Sports Drinks To Drink or Not To Drink

Telechargé par Jena Thorpe
Sports Drinks- To Drink or Not To
Drink?
You have probably seen athletes sipping on the best sports drink or energy drinks during a
competition if you ever watch sports. These energy drinks are now a big part of business and
athletics around the globe. Even if you are not an athlete, people believe that these drinks are
magic elixir to improve exercise performance.
There are several different types of specialized drinks now. Gatorade, Powerade, and other
Electrolytes Drink contain glucose, sodium, and potassium. "Enhanced water" contains
vitamins and may contain other ingredients such as guarana. A newcomer to this type of
specialized drink is coconut water. Of course, plain water is also an option. So, which should
you drink? It depends on what you're doing and it also depends on your health.
Types of Sports drinks
Electrolytes Drink: These provide energy and fluids as well as electrolytes. The energy is in
the form of glucose, a type of sugar. If you are doing intense workouts, it might be a good
option. However, you might want to bear in mind the calorie and sugar counts. Most people
grab a 20 oz bottle of these electrolyte supplements and probably don't read the nutrition
label. This bottle contains up to 200 calories and 35 grams of sugar. To translate the sugar
count, it's equivalent to nine teaspoons. If you're diabetic, you might want to consider
another type of drink.
Enhanced Water: Sometimes called vitamin water, these beverages are catching on. While
these due contain some vitamins, you could probably get the same amount (or more) from a
piece of fruit. Some brands don't use a lot of sugar, but others of counts almost equal to those
with electrolytes.
There are sometimes other ingredients in this electrolyte water. One, guarana, could pose a
problem for those with heart problems or high blood pressure. The "energy" in guarana is
similar to caffeine. Scientists are still arguing about whether it is caffeine, but the action on
your body will be the same.
Coconut Water: This is a newcomer for most people, but it has several advantages. It
provides some flavor, so as to encourage drinking it, and it isn't likely to upset the stomach.
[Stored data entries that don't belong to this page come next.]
Lemma coef_norm_le_small e j : (1 <= j)%nat -> coef_norm e j <= PI ^ 2 * e ^ 2.
Proof.
  intros hj. assert (0 < INR j) by (apply lt_0_INR; lia). unfold coef_norm.
  pose proof (Rsqr_le_abs_1 _ _ (Rabs_sin_le (PI * INR j * e / 2))) as Hs. unfold Rsqr in Hs.
  apply Rmult_le_reg_r with (INR j ^ 2); [apply pow_lt; lra|].
  unfold Rdiv. rewrite Rmult_assoc, Rinv_l by (apply pow_nonzero; lra). nra.
Qed.

Lemma coef_norm_le_large e j : (1 <= j)%nat -> coef_norm e j <= 4 / INR j ^ 2.
Proof.
  intros hj. assert (0 < INR j) by (apply lt_0_INR; lia). unfold coef_norm, Rdiv.
  apply Rmult_le_compat_r; [apply Rlt_le, Rinv_0_lt_compat, pow_lt; lra|].
  pose proof (SIN_bound (PI * INR j * e / 2)). nra.
Qed.

(* Split at [J ~ 2 / (PI e)]: below [J] use [coef_norm <= PI^2 e^2], above it [4 / j^2]. *)
Lemma sumR_coef_norm_le e N : 0 < e <= 1 ->
  sumR N (fun i => coef_norm e (S i)) <= 4 * PI * e + PI ^ 2 * e ^ 2.
Proof.
  intros He. pose proof PI_RGT_0 as HP. assert (Hpe : 0 < PI * e) by nra.
  destruct (floor_nat (2 / (PI * e))) as [J0 [HJ1 HJ2]]; [apply Rlt_le, Rdiv_lt_0_compat; lra|].
  set (J := S J0).
  assert (HJ : 2 / (PI * e) < INR J <= 2 / (PI * e) + 1) by (unfold J; rewrite S_INR; lra).
  assert (hJ1 : 1 <= INR J) by (apply (le_INR 1); unfold J; lia).
  assert (Hhead : sumR J (fun i => coef_norm e (S i)) <= 2 * PI * e + PI ^ 2 * e ^ 2).
  { eapply Rle_trans.
    { apply (sumR_le _ _ (fun _ => PI ^ 2 * e ^ 2)). intros; apply coef_norm_le_small; lia. }
    rewrite sumR_const.
    replace (2 * PI * e + PI ^ 2 * e ^ 2) with ((2 / (PI * e) + 1) * (PI ^ 2 * e ^ 2)) by (field; lra).
    apply Rmult_le_compat_r; nra. }
  assert (Htail : sumR N (fun i => coef_norm e (S (J + i))) <= 4 / INR J).
  { eapply Rle_trans.
    { apply (sumR_le _ _ (fun i => 4 * / INR (J + 1 + i) ^ 2)). intros i _.
      replace (J + 1 + i)%nat with (S (J + i)) by lia. apply coef_norm_le_large; lia. }
    rewrite sumR_scal. pose proof (sumR_inv_sq_tail J N ltac:(unfold J; lia)).
    assert (0 < / INR (J + N)) by (apply Rinv_0_lt_compat, lt_0_INR; lia). unfold Rdiv. lra. }
  assert (4 / INR J <= 2 * PI * e).
  { apply Rmult_le_reg_r with (INR J); [lra|]. unfold Rdiv. rewrite Rmult_assoc, Rinv_l by lra.
    apply Rmult_le_reg_r with (/ (PI * e)); [apply Rinv_0_lt_compat; lra|].
    replace (2 * PI * e * INR J * / (PI * e)) with (2 * INR J) by (field; lra).
    unfold Rdiv in HJ. lra. }
  eapply Rle_trans; [apply (sumR_le_add N J); intros; apply coef_norm_nonneg|].
  rewrite sumR_add. lra.
Qed.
The other two products could do so. The only downside is for athletes, it doesn't rehydrate as
well. That's because the sodium count is about half of the other natural electrolytes
Good Old Water: Well, for most of us, it's boring. Athletes are likely to need the hydrating
effects of the best sports drink electrolytes, but most of us do not. Water will do the job,
but only if you drink it.
Side effects of Sports Drinks
These are some potential side effects of the sports drink powder.
1. For more than one hour you are recommended for exercise. The nutrients could be
converted into fats if you do exercise for less than one hour.
2. Tooth erosion is possible due to citrus acid present in them.
3. The risk of high blood pressure is increased due to the high amount of sodium.
4. It can cause sleep disturbance due to the caffeine present in them.